December 23, 2003
109 West 78th St. Apt. #C
New York, NY 10024
Mr. Jonathan G.Katz, Secretary
Securities and Exchange Commission
450 Fifth Street, NW
Washington, DC 20549-0609
Dear Mr. Katz:
I am writing regarding the SEC proposed regulation SHO, under the Securities Exchange Act of 1934, to replace SEC rules 3b-3, 10a-1, and 10a-2. This letter will specifically address the proposal for a new uniform bid test in rule 201. This proposal is in direct conflict with fundamental objectives of a fair and orderly market place.
The new bid test proposal does not inherently restrict short sellers from effecting short sales in exchange traded securities when the price of that security is declining. Furthermore, it does not prevent short selling from being used as a tool for driving the market down.
This proposal will effectively make the market place less liquid. Restricting a short sale to at least one cent above the best bid at the time of executions will negatively impact the individual investor.
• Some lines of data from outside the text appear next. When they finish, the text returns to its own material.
(* In the process algebra $\mathcal{G}$ described in the context, for all $\mathbb{P}_u,\mathbb{P}_v,\mathbb{P},\mathbb{Q}$ (as defined in the context) and all $W\in\mathcal{W}$: (1) $D\simeq D\|G_u\mathbb{P}_u\simeq D\|G_v'\mathbb{P}_v\mathbb{P}_u\simeq D\|Z\mathbb{P}_v\mathbb{P}_u\simeq D\|\mathbb{P}_v\mathbb{P}_u\simeq D\|W\mathbb{P}_v\mathbb{P}_u$; (2) $C\simeq C\|G\mathbb{P}\simeq C\|\mathbb{P}\simeq C\|W\mathbb{P}\simeq C\|G_v\mathbb{P}_v$; (3) $C'\simeq C'\|G'\mathbb{Q}\simeq C'\|G_v\mathbb{Q}\simeq C'\|Z\mathbb{Q}\simeq C'\|\mathbb{Q}$.
   Context: Process algebras: a triple $(\mathcal{C},\mathcal{A},\Delta)$ of finitely many constants, actions (including silent $\tau$) and rules $X\stackrel{\ell}{\longrightarrow}P$. Processes: $P::=\epsilon\mid X\mid PP'\mid P\|P'$, sequential composition associative, parallel composition associative and commutative, $\epsilon$ a unit for both. Semantics: rules of $\Delta$; if $P\stackrel{\ell}{\longrightarrow}P'$ then $PQ\stackrel{\ell}{\longrightarrow}P'Q$, $P\|Q\stackrel{\ell}{\longrightarrow}P'\|Q$, $Q\|P\stackrel{\ell}{\longrightarrow}Q\|P'$. $\Longrightarrow$ is the reflexive transitive closure of $\stackrel{\tau}{\longrightarrow}$. Branching bisimilarity $\simeq$ is the largest relation $\mathcal{B}$ such that whenever $P\mathcal{B}Q$ and $P\stackrel{\ell}{\longrightarrow}P'$, either $Q\Longrightarrow Q''\stackrel{\ell}{\longrightarrow}Q'$ with $P\mathcal{B}Q''$ and $P'\mathcal{B}Q'$, or $\ell=\tau$ and $P'\mathcal{B}Q$; and symmetrically. The algebra $\mathcal{G}$: fix a finite alphabet $\Sigma$ with $|\Sigma|\ge2$ and a Post Correspondence instance $\mathrm{INST}=\{(u_1,v_1),\dots,(u_n,v_n)\}$ with $u_k,v_k\in\Sigma^{+}$; let $\mathcal{N}=\{1,\dots,n\}$. Actions: $\{\lambda_U,\lambda_V,\lambda_D,\lambda_I,\lambda_S,\lambda_Z\}\cup\mathcal{N}\cup\Sigma\cup\{\tau\}$. Constants: $X,Y,Z,I,S,C,C',D,G,G',G_u,G_v,G_v'$, $U_k,V_k$ ($k\in\mathcal{N}$), and $W(\omega,k),W(\omega,0)$ for $k\in\mathcal{N}$ and $\omega$ a (possibly empty) suffix of $u_k$ or of $v_k$; $\mathcal{W}$ is the set of these $W$-constants. Rules (with $k$ ranging over $\mathcal{N}$, $a$ over $\Sigma$, $W$ over $\mathcal{W}$): $X\stackrel{\lambda_U}{\longrightarrow}D\|G_v$, $X\stackrel{\tau}{\longrightarrow}D$, $Y\stackrel{\tau}{\longrightarrow}D$, $D\stackrel{\tau}{\longrightarrow}D\|G_u$, $D\stackrel{\lambda_D}{\longrightarrow}C$; $G_u\stackrel{\tau}{\longrightarrow}G_uU_k$, $G_u\stackrel{\lambda_U}{\longrightarrow}G_vU_k$, $G_u\stackrel{\tau}{\longrightarrow}G_v'$, $G_v'\stackrel{\tau}{\longrightarrow}G_v'V_k$, $G_v'\stackrel{\tau}{\longrightarrow}Z$; $G_v\stackrel{\tau}{\longrightarrow}G_vV_k$, $G_v\stackrel{\tau}{\longrightarrow}\epsilon$, $G_v\stackrel{\lambda_V}{\longrightarrow}Z$, $Z\stackrel{\tau}{\longrightarrow}\epsilon$, $Z\stackrel{\lambda_Z}{\longrightarrow}\epsilon$; $C\stackrel{\lambda_I}{\longrightarrow}I$, $C\stackrel{\lambda_S}{\longrightarrow}S$, $C\stackrel{\tau}{\longrightarrow}C\|G$, $C\stackrel{\tau}{\longrightarrow}C\|G_v$; $G\stackrel{\tau}{\longrightarrow}GU_k$, $G\stackrel{\tau}{\longrightarrow}GV_k$, $G\stackrel{\tau}{\longrightarrow}\epsilon$; $I\stackrel{\lambda_I}{\longrightarrow}C'$, $I\stackrel{k}{\longrightarrow}I$, $S\stackrel{\lambda_S}{\longrightarrow}C'$, $S\stackrel{a}{\longrightarrow}S$, $C'\stackrel{\tau}{\longrightarrow}C'\|G'$, $C'\stackrel{\tau}{\longrightarrow}\epsilon$; $G'\stackrel{\tau}{\longrightarrow}G'U_k$, $G'\stackrel{\tau}{\longrightarrow}G'V_k$, $G'\stackrel{\tau}{\longrightarrow}G'W$, $G'\stackrel{\tau}{\longrightarrow}G_v$, $G'\stackrel{\tau}{\longrightarrow}Z$; $U_k\stackrel{\tau}{\longrightarrow}W(u_k,k)$, $V_k\stackrel{\tau}{\longrightarrow}W(v_k,k)$; $W(a\omega,k)\stackrel{a}{\longrightarrow}W(\omega,k)$, $W(a\omega,0)\stackrel{a}{\longrightarrow}W(\omega,0)$, $W(\omega,k)\stackrel{k}{\longrightarrow}W(\omega,0)$, $W(a\omega,k)\stackrel{\tau}{\longrightarrow}W(\omega,k)$, $W(a\omega,0)\stackrel{\tau}{\longrightarrow}W(\omega,0)$, $W(\omega,k)\stackrel{\tau}{\longrightarrow}W(\omega,0)$, $W(\epsilon,0)\stackrel{\tau}{\longrightarrow}\epsilon$. Notation: $\mathbb{P}_u$ (resp. $\mathbb{P}_v$) denotes a sequential composition (possibly empty, i.e. $\epsilon$) of constants from $\{U_k:k\in\mathcal{N}\}$ (resp. $\{V_k:k\in\mathcal{N}\}$); $\mathbb{P}$ (resp. $\mathbb{Q}$) denotes a sequential composition (possibly empty) of constants from $\{U_k,V_k:k\in\mathcal{N}\}$ (resp. $\{U_k,V_k:k\in\mathcal{N}\}\cup\mathcal{W}$). *)

From mathcomp Require Import all_boot.
Set Implicit Arguments.
Unset Strict Implicit.
Unset Printing Implicit Defensive.

(* The process algebra G, parameterised by an alphabet Sigma and a PCP
   instance given by n and the words u k, v k (k : 'I_n; the index set
   N = {1..n} of the paper is represented by 'I_n, and the special index 0
   of W(omega,0) by None : option 'I_n). *)
Section ProcessAlgebraG.
Variables (Sigma : finType) (n : nat) (u v : 'I_n -> seq Sigma).

Inductive act : Type :=
  | lamU | lamV | lamD | lamI | lamS | lamZ
  | actN of 'I_n
  | actA of Sigma
  | tau.

(* Constants.  cW w k stands for W(w,k) (k = Some k') or W(w,0) (k = None);
   only those satisfying [isW] below belong to the algebra. *)
Inductive const : Type :=
  | cX | cY | cZ | cI | cS | cC | cC' | cD | cG | cG' | cGu | cGv | cGv'
  | cU of 'I_n
  | cV of 'I_n
  | cW of seq Sigma & option 'I_n.

Definition isW (c : const) : Prop :=
  match c with
  | cW w (Some k) => suffix w (u k) \/ suffix w (v k)
  | cW w None => exists k, suffix w (u k) \/ suffix w (v k)
  | _ => False
  end.

Inductive proc : Type :=
  | Eps
  | Con of const
  | Seq of proc & proc
  | Par of proc & proc.

(* Structural congruence: sequential composition associative, parallel
   composition associative and commutative, eps a unit for both.
   Processes are terms modulo this congruence. *)
Inductive sc : proc -> proc -> Prop :=
  | sc_refl P : sc P P
  | sc_sym P Q : sc P Q -> sc Q P
  | sc_trans P Q R : sc P Q -> sc Q R -> sc P R
  | sc_seq P P' Q Q' : sc P P' -> sc Q Q' -> sc (Seq P Q) (Seq P' Q')
  | sc_par P P' Q Q' : sc P P' -> sc Q Q' -> sc (Par P Q) (Par P' Q')
  | sc_seqA P Q R : sc (Seq P (Seq Q R)) (Seq (Seq P Q) R)
  | sc_parA P Q R : sc (Par P (Par Q R)) (Par (Par P Q) R)
  | sc_parC P Q : sc (Par P Q) (Par Q P)
  | sc_seq1l P : sc (Seq Eps P) P
  | sc_seq1r P : sc (Seq P Eps) P
  | sc_par1l P : sc (Par Eps P) P.

Local Notation C c := (Con c).

Inductive rule : const -> act -> proc -> Prop :=
  | r_X1 : rule cX lamU (Par (C cD) (C cGv))
  | r_X2 : rule cX tau (C cD)
  | r_Y : rule cY tau (C cD)
  | r_D1 : rule cD tau (Par (C cD) (C cGu))
  | r_D2 : rule cD lamD (C cC)
  | r_Gu1 k : rule cGu tau (Seq (C cGu) (C (cU k)))
  | r_Gu2 k : rule cGu lamU (Seq (C cGv) (C (cU k)))
  | r_Gu3 : rule cGu tau (C cGv')
  | r_Gv'1 k : rule cGv' tau (Seq (C cGv') (C (cV k)))
  | r_Gv'2 : rule cGv' tau (C cZ)
  | r_Gv1 k : rule cGv tau (Seq (C cGv) (C (cV k)))
  | r_Gv2 : rule cGv tau Eps
  | r_Gv3 : rule cGv lamV (C cZ)
  | r_Z1 : rule cZ tau Eps
  | r_Z2 : rule cZ lamZ Eps
  | r_C1 : rule cC lamI (C cI)
  | r_C2 : rule cC lamS (C cS)
  | r_C3 : rule cC tau (Par (C cC) (C cG))
  | r_C4 : rule cC tau (Par (C cC) (C cGv))
  | r_G1 k : rule cG tau (Seq (C cG) (C (cU k)))
  | r_G2 k : rule cG tau (Seq (C cG) (C (cV k)))
  | r_G3 : rule cG tau Eps
  | r_I1 : rule cI lamI (C cC')
  | r_I2 k : rule cI (actN k) (C cI)
  | r_S1 : rule cS lamS (C cC')
  | r_S2 a : rule cS (actA a) (C cS)
  | r_C'1 : rule cC' tau (Par (C cC') (C cG'))
  | r_C'2 : rule cC' tau Eps
  | r_G'1 k : rule cG' tau (Seq (C cG') (C (cU k)))
  | r_G'2 k : rule cG' tau (Seq (C cG') (C (cV k)))
  | r_G'3 W : isW W -> rule cG' tau (Seq (C cG') (C W))
  | r_G'4 : rule cG' tau (C cGv)
  | r_G'5 : rule cG' tau (C cZ)
  | r_U k : rule (cU k) tau (C (cW (u k) (Some k)))
  | r_V k : rule (cV k) tau (C (cW (v k) (Some k)))
  | r_Wa a w k : isW (cW (a :: w) k) -> rule (cW (a :: w) k) (actA a) (C (cW w k))
  | r_Wk w k : isW (cW w (Some k)) -> rule (cW w (Some k)) (actN k) (C (cW w None))
  | r_Wta a w k : isW (cW (a :: w) k) -> rule (cW (a :: w) k) tau (C (cW w k))
  | r_Wtk w k : isW (cW w (Some k)) -> rule (cW w (Some k)) tau (C (cW w None))
  | r_Weps : isW (cW [::] None) -> rule (cW [::] None) tau Eps.

Inductive step : proc -> act -> proc -> Prop :=
  | st_rule c l P : rule c l P -> step (C c) l P
  | st_seq P l P' Q : step P l P' -> step (Seq P Q) l (Seq P' Q)
  | st_parl P l P' Q : step P l P' -> step (Par P Q) l (Par P' Q)
  | st_parr P l P' Q : step P l P' -> step (Par Q P) l (Par Q P')
  | st_sc P P1 l P1' P' : sc P P1 -> step P1 l P1' -> sc P1' P' -> step P l P'.

Inductive taus : proc -> proc -> Prop :=
  | taus_refl P : taus P P
  | taus_step P P' P'' : step P tau P' -> taus P' P'' -> taus P P''.

Definition bb_transfer (B : proc -> proc -> Prop) : Prop :=
  forall P Q, B P Q -> forall l P', step P l P' ->
    (exists Q'' Q', taus Q Q'' /\ step Q'' l Q' /\ B P Q'' /\ B P' Q')
    \/ (l = tau /\ B P' Q).

Definition branching_bisimulation (B : proc -> proc -> Prop) : Prop :=
  bb_transfer B /\ bb_transfer (fun P Q => B Q P).

Definition bbisim (P Q : proc) : Prop :=
  exists B, branching_bisimulation B /\ B P Q.

Definition seqs (ps : seq proc) : proc := foldr Seq Eps ps.

Definition Pu (ks : seq 'I_n) : proc := seqs [seq C (cU k) | k <- ks].
Definition Pv (ks : seq 'I_n) : proc := seqs [seq C (cV k) | k <- ks].
Definition Pc (cs : seq const) : proc := seqs [seq C c | c <- cs].

Definition isUV (c : const) : Prop :=
  match c with cU _ | cV _ => True | _ => False end.


Definition allc (P : const -> Prop) (cs : seq const) : Prop :=
  foldr (fun c acc => P c /\ acc) True cs.
Lemma ridge_obj_shift d l z j (c : R) : z j 0 = 0 ->
  ridge_obj d l (z + c *: delta_mx j 0)
  = ridge_obj d (l - A *m (c *: delta_mx j 0)) z + d j * c ^+ 2.
Proof.
move=> zj; rewrite /ridge_obj penaltyD_delta // addrA; congr (sqnorm _ + _ + _).
by rewrite mulmxDr opprB addrA addrAC.
Qed.

Lemma ridge_min_fit S d l y : (forall i, 0 <= d i) -> ridge_min S d l y ->
  norm1 (A *m y) <= n%:R * (2 * norm1 l).
Proof.
move=> d0 [_ ymin].
have res : sqnorm (A *m y - l) <= sqnorm l.
  have := ymin 0 (@supported0 S).
  rewrite /ridge_obj mulmx0 sub0r sqnormN penalty0 addr0.
  by have := penalty_ge0 y d0; lra.
apply: norm1_le => k.
have -> : (A *m y) k 0 = (A *m y - l) k 0 + l k 0 by rewrite !mxE subrK.
have := normr_le_norm1 (le_trans (sqnorm_coord _ k) res).
have := norm1_coord l k; have := ler_normD ((A *m y - l) k 0) (l k 0); lra.
Qed.

Definition mask S : 'M[R]_q := diag_mx (\row_i (i \in S)%:R).

(* On the image under [A] of the vectors supported on [S], a right inverse of [A] whose values
   are supported on [S]. *)
Definition restricted_pinv S := mask S *m pinvmx (A *m mask S).

Lemma mask_supported S y : supported S y -> mask S *m y = y.
Proof.
move=> yS; apply/matrixP => i k; rewrite mul_diag_mx !mxE ord1.
by have [iS|iS] := boolP (i \in S); rewrite ?mul1r // mul0r yS.
Qed.

Lemma supported_restricted_pinv S v : supported S (restricted_pinv S *m v).
Proof. by move=> i iS; rewrite -mulmxA mul_diag_mx !mxE (negPf iS) mul0r. Qed.

Lemma restricted_pinvK S y : supported S y ->
  A *m (restricted_pinv S *m (A *m y)) = A *m y.
Proof.
move=> yS; rewrite -{1}(mask_supported yS) /restricted_pinv.
rewrite [A *m (mask S *m y)]mulmxA !(mulmxA A) mulmxA mulmxKpV //.
by rewrite -mulmxA mask_supported.
Qed.

Definition fit_bound := 2 * n%:R * \sum_(T : {set 'I_q}) mxnorm1 (restricted_pinv T).

Lemma fit_bound_ge0 : 0 <= fit_bound.
Proof. by rewrite mulr_ge0 ?mulr_ge0 ?sumr_ge0 // => T _; apply: mxnorm1_ge0. Qed.

(* Comparing [y] with the least-squares fit of [A *m y] supported on [S]: as [d j] is the
   largest weight on [S], the coordinate [y j 0] is controlled by the data alone. *)
Lemma ridge_min_max_weight S d l y j : (forall i, 0 < d i) -> ridge_min S d l y ->
  (forall i, i \in S -> d i <= d j) -> `|y j 0| <= fit_bound * norm1 l.
Proof.
move=> d0 ymin jmax; have d0' i : 0 <= d i by apply: ltW.
set y0 := restricted_pinv S *m (A *m y); have y0S := @supported_restricted_pinv S (A *m y).
have pen_le : penalty d y <= penalty d y0.
  have := ymin.2 y0 y0S; rewrite /ridge_obj restricted_pinvK ?lerD2l //.
  exact: ymin.1.
have yj : y j 0 ^+ 2 <= sqnorm y0.
  rewrite -(ler_pM2l (d0 j)); apply: le_trans (penalty_coord _ _ d0') _.
  exact: le_trans pen_le (penalty_le_sqnorm y0S jmax).
apply: le_trans (normr_le_norm1 yj) _; apply: le_trans (norm1_mulmx _ _) _.
apply: le_trans (ler_wpM2l (mxnorm1_ge0 _) (ridge_min_fit d0' ymin)) _.
have -> : fit_bound * norm1 l
    = (\sum_(T : {set 'I_q}) mxnorm1 (restricted_pinv T)) * (n%:R * (2 * norm1 l)).
  by rewrite /fit_bound; ring.
apply: ler_wpM2r; first by rewrite mulr_ge0 ?mulr_ge0 ?norm1_ge0.
by apply: (@ler_sum_term _ _ (fun T => mxnorm1 (restricted_pinv T))) => T; apply: mxnorm1_ge0.
Qed.

Lemma ridge_min_drop S d l y j : j \in S -> ridge_min S d l y ->
  ridge_min (S :\ j) d (l - A *m (y j 0 *: delta_mx j 0)) (y - y j 0 *: delta_mx j 0).
Proof.
set c := y j 0; set e := delta_mx j 0 => jS [yS ymin].
have notin_neq i : i \notin S -> i != j by apply: contraNneq => ->.
have y'j : (y - c *: e) j 0 = 0 by rewrite !mxE !eqxx mulr1 subrr.
split=> [i|u uS].
  rewrite in_setD1 negb_and negbK => /orP[/eqP->//|iS].
  by rewrite !mxE yS // (negPf (notin_neq i iS)) mulr0 subr0.
have uj : u j 0 = 0 by apply: uS; rewrite !inE eqxx.
have ceS : supported S (u + c *: e).
  move=> i iS; rewrite !mxE (negPf (notin_neq i iS)) mulr0 addr0.
  by apply: uS; rewrite in_setD1 (negPf iS) andbF.
have := ymin _ ceS; rewrite -{1}(subrK (c *: e) y) !ridge_obj_shift //.
by rewrite lerD2r.
Qed.

Definition ridge_coord_bound S (C : R) := forall d l y, (forall i, 0 < d i) ->
  ridge_min S d l y -> forall i, `|y i 0| <= C * norm1 l.

Lemma ridge_coord_bound_set0 (C : R) : 0 <= C -> ridge_coord_bound set0 C.
Proof.
move=> C0 d l y _ [y0 _] i.
by rewrite y0 ?inE // normr0 mulr_ge0 ?norm1_ge0.
Qed.

Definition ridge_step_const (C : R) := fit_bound + C * (1 + fit_bound * mxnorm1 A).

Lemma ridge_step_const_ge0 (C : R) : 0 <= C -> 0 <= ridge_step_const C.
Proof.
move=> C0; apply: addr_ge0 fit_bound_ge0 (mulr_ge0 C0 (addr_ge0 ler01 _)).
exact: mulr_ge0 fit_bound_ge0 (mxnorm1_ge0 A).
Qed.

Lemma ridge_coord_bound_step S (C : R) : 0 <= C ->
  (forall j, j \in S -> ridge_coord_bound (S :\ j) C) ->
  ridge_coord_bound S (ridge_step_const C).
Proof.
move=> C0 IH; have [->|[j0 j0S]] := set_0Vmem S.
  exact/ridge_coord_bound_set0/ridge_step_const_ge0.
move=> d l y d0 ymin i.
case: (arg_maxP d j0S) => j jS jmax.
have yj := ridge_min_max_weight d0 ymin jmax.
pose l' := l - A *m (y j 0 *: delta_mx j 0).
have l'_le : norm1 l' <= (1 + fit_bound * mxnorm1 A) * norm1 l.
  apply: le_trans (norm1B _ _) _.
  rewrite mulrDl mul1r lerD2l mulrAC; apply: le_trans (norm1_mulmx _ _) _.
  by rewrite norm1_scale_delta mulrC ler_wpM2r ?mxnorm1_ge0.
have N0 := norm1_ge0 l.
have -> : ridge_step_const C * norm1 l
    = fit_bound * norm1 l + C * ((1 + fit_bound * mxnorm1 A) * norm1 l).
  by rewrite /ridge_step_const; ring.
have [->|ij] := eqVneq i j.
  by apply: le_trans yj _; rewrite lerDl mulr_ge0 ?(le_trans (norm1_ge0 l') l'_le).
have -> : y i 0 = (y - y j 0 *: delta_mx j 0) i 0 by rewrite !mxE (negPf ij) mulr0 subr0.
apply: le_trans (IH j jS d l' _ d0 (ridge_min_drop jS ymin) i) _.
by rewrite ler_wpDl ?(mulr_ge0 fit_bound_ge0 N0) ?ler_wpM2l.
Qed.

Lemma ridge_coord_bound_card m :
  exists2 C, 0 <= C & forall S, (#|S| <= m)%N -> ridge_coord_bound S C.
Proof.
elim: m => [|m [C C0 IH]].
  by exists 0 => // S; rewrite leqn0 => /eqP/cards0_eq->; apply: ridge_coord_bound_set0.
exists (ridge_step_const C); first exact: ridge_step_const_ge0.
move=> S Sm; apply: ridge_coord_bound_step => // j jS; apply: IH.
by move: Sm; rewrite (cardsD1 j S) jS.
Qed.

End Ridge.

Section RidgeSolution.
Variables (R : rcfType) (n q : nat) (A : 'M[R]_(n, q)) (d : 'I_q -> R).
Hypothesis d_gt0 : forall i, 0 < d i.

Lemma ridge_gram_unitmx : A^T *m A + diag_mx (\row_i d i) \in unitmx.
Proof.
apply: unitmx_quad_inj => u; rewrite mulmxDl vdotDr vdot_gram -penaltyE => u0.
apply: (penalty_eq0 d_gt0); apply/eqP; rewrite eq_le penalty_ge0 => [|i]; last exact: ltW.
by rewrite andbT -u0 lerDr sqnorm_ge0.
Qed.

Lemma ridge_solution_min l :
  ridge_min A [set: 'I_q] d l (invmx (A^T *m A + diag_mx (\row_i d i)) *m A^T *m l).
Proof.
split=> [|u _]; first exact: supportedT.
set y := invmx _ *m _ *m l.
have normal : (A^T *m A + diag_mx (\row_i d i)) *m y = A^T *m l.
  by rewrite /y -!mulmxA mulKVmx ?ridge_gram_unitmx.
rewrite -(subrK y u) addrC ridge_obj_normal // -addrA lerDl.
by rewrite addr_ge0 ?sqnorm_ge0 ?penalty_ge0 // => i; apply: ltW.
Qed.

End RidgeSolution.

Section Projection.
Variables (R : rcfType) (n p : nat) (X : 'M[R]_(n, p)).

Lemma unitmx_gram_full : \rank X = p -> X^T *m X \in unitmx.
Proof.
move=> Xfull; apply: unitmx_quad_inj => u; rewrite vdot_gram => /sqnorm_eq0 Xu0.
have XTfree : row_free X^T by rewrite /row_free mxrank_tr Xfull.
apply: trmx_inj; apply/eqP; rewrite trmx0 -(mulmx_free_eq0 _ XTfree).
by rewrite -trmx_mul Xu0 trmx0.
Qed.

Lemma residual_tr : (1%:M - projX X)^T = 1%:M - projX X.
Proof.
by rewrite linearB /= trmx1 /projX !trmx_mul trmxK trmx_inv trmx_mul trmxK mulmxA.
Qed.

Lemma residual_idem : \rank X = p ->
  (1%:M - projX X) *m (1%:M - projX X) = 1%:M - projX X.
Proof.
move=> /unitmx_gram_full XXu.
have PP : projX X *m projX X = projX X.
  by rewrite /projX !mulmxA -(mulmxA _ X^T X) mulmxKV.
by rewrite mulmxBl !mulmxBr !mul1mx mulmx1 PP subrr subr0.
Qed.

End Projection.

Lemma Dtau_diag_mx (R : rcfType) r (qs : 'I_r -> nat) (tau : 'I_r -> R) :
  Dtau qs tau = diag_mx (\row_k tau (tagnat.sig1 k)).
Proof.
have /diag_mxP[dv Ddv] : is_diag_mx (Dtau qs tau).
  apply/is_diag_mxblockP; split=> [i j /negbTE->//|i].
  by rewrite eqxx conform_mx_id scalar_mx_is_diag.
rewrite Ddv; congr diag_mx; apply/rowP => k.
transitivity (diag_mx dv k k); first by rewrite mxE eqxx mulr1n.
by rewrite -Ddv /Dtau /mxdiag !mxE eqxx conform_mx_id mxE eqxx mulr1n.
Qed.

Lemma Stau_gram (R : rcfType) n p r (qs : 'I_r -> nat) (X : 'M[R]_(n, p))
    (Z : 'M[R]_(n, \sum_(j < r) qs j)) (tau : 'I_r -> R) : \rank X = p ->
  Stau X Z tau = ((1%:M - projX X) *m Z)^T *m ((1%:M - projX X) *m Z)
                 + diag_mx (\row_k tau (tagnat.sig1 k)).
Proof.
move=> Xfull; rewrite /Stau Dtau_diag_mx trmx_mul residual_tr mulmxA.
by rewrite -(mulmxA _ _ (1%:M - _)) residual_idem.
Qed.

Theorem lemma2 (R : rcfType) (n p r : nat) (qs : 'I_r -> nat)
  (X : 'M[R]_(n, p)) (Z : 'M[R]_(n, \sum_(j < r) qs j))
  (hX : \rank X = p) :
  exists phi : R, forall (tau : 'I_r -> R), (forall j, 0 < tau j) ->
    forall l : 'cV[R]_n,
      enorm (invmx (Stau X Z tau) *m Z^T *m (1%:M - projX X) *m l)
        <= phi * \sum_(i < n) `|l i 0|.
Proof.
set A := (1%:M - projX X) *m Z; set q := (\sum_(j < r) qs j)%N.
have [C _ Cbound] := ridge_coord_bound_card A #|[set: 'I_q]|.
exists (q%:R * C) => tau tau_gt0 l.
have d_gt0 (k : 'I_q) : 0 < tau (tagnat.sig1 (p_ := qs) k) by [].
have AT : A^T = Z^T *m (1%:M - projX X) by rewrite trmx_mul residual_tr.
rewrite Stau_gram // -/A -(mulmxA _ Z^T) -AT.
apply: le_trans (enorm_le_norm1 _) _; rewrite -mulrA; apply: norm1_le => i.
exact: Cbound _ (leqnn _) _ _ _ d_gt0 (ridge_solution_min _ d_gt0 l) i.
Qed.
The new restriction of this bid test will effect the executions of the ECNs, and will limit a customer's ability to choose where he/she can obtain the best price. Without this choice many customers will be forced out of the market place. This will inevitably decrease liquidity.
This proposal will also make pricing less efficient. The Market Maker's ability to offset temporary imbalances in the market place is not effected by the current bid test. The investor's inability to hit a high bid because it is not at least one cent above the best bid; however, does have a negative impact on the investor who wants to sell stock at that price, and the investor who is willing to buy stock at that price. Consequently pricing is less efficient.
Thank you for your time and attention to this matter.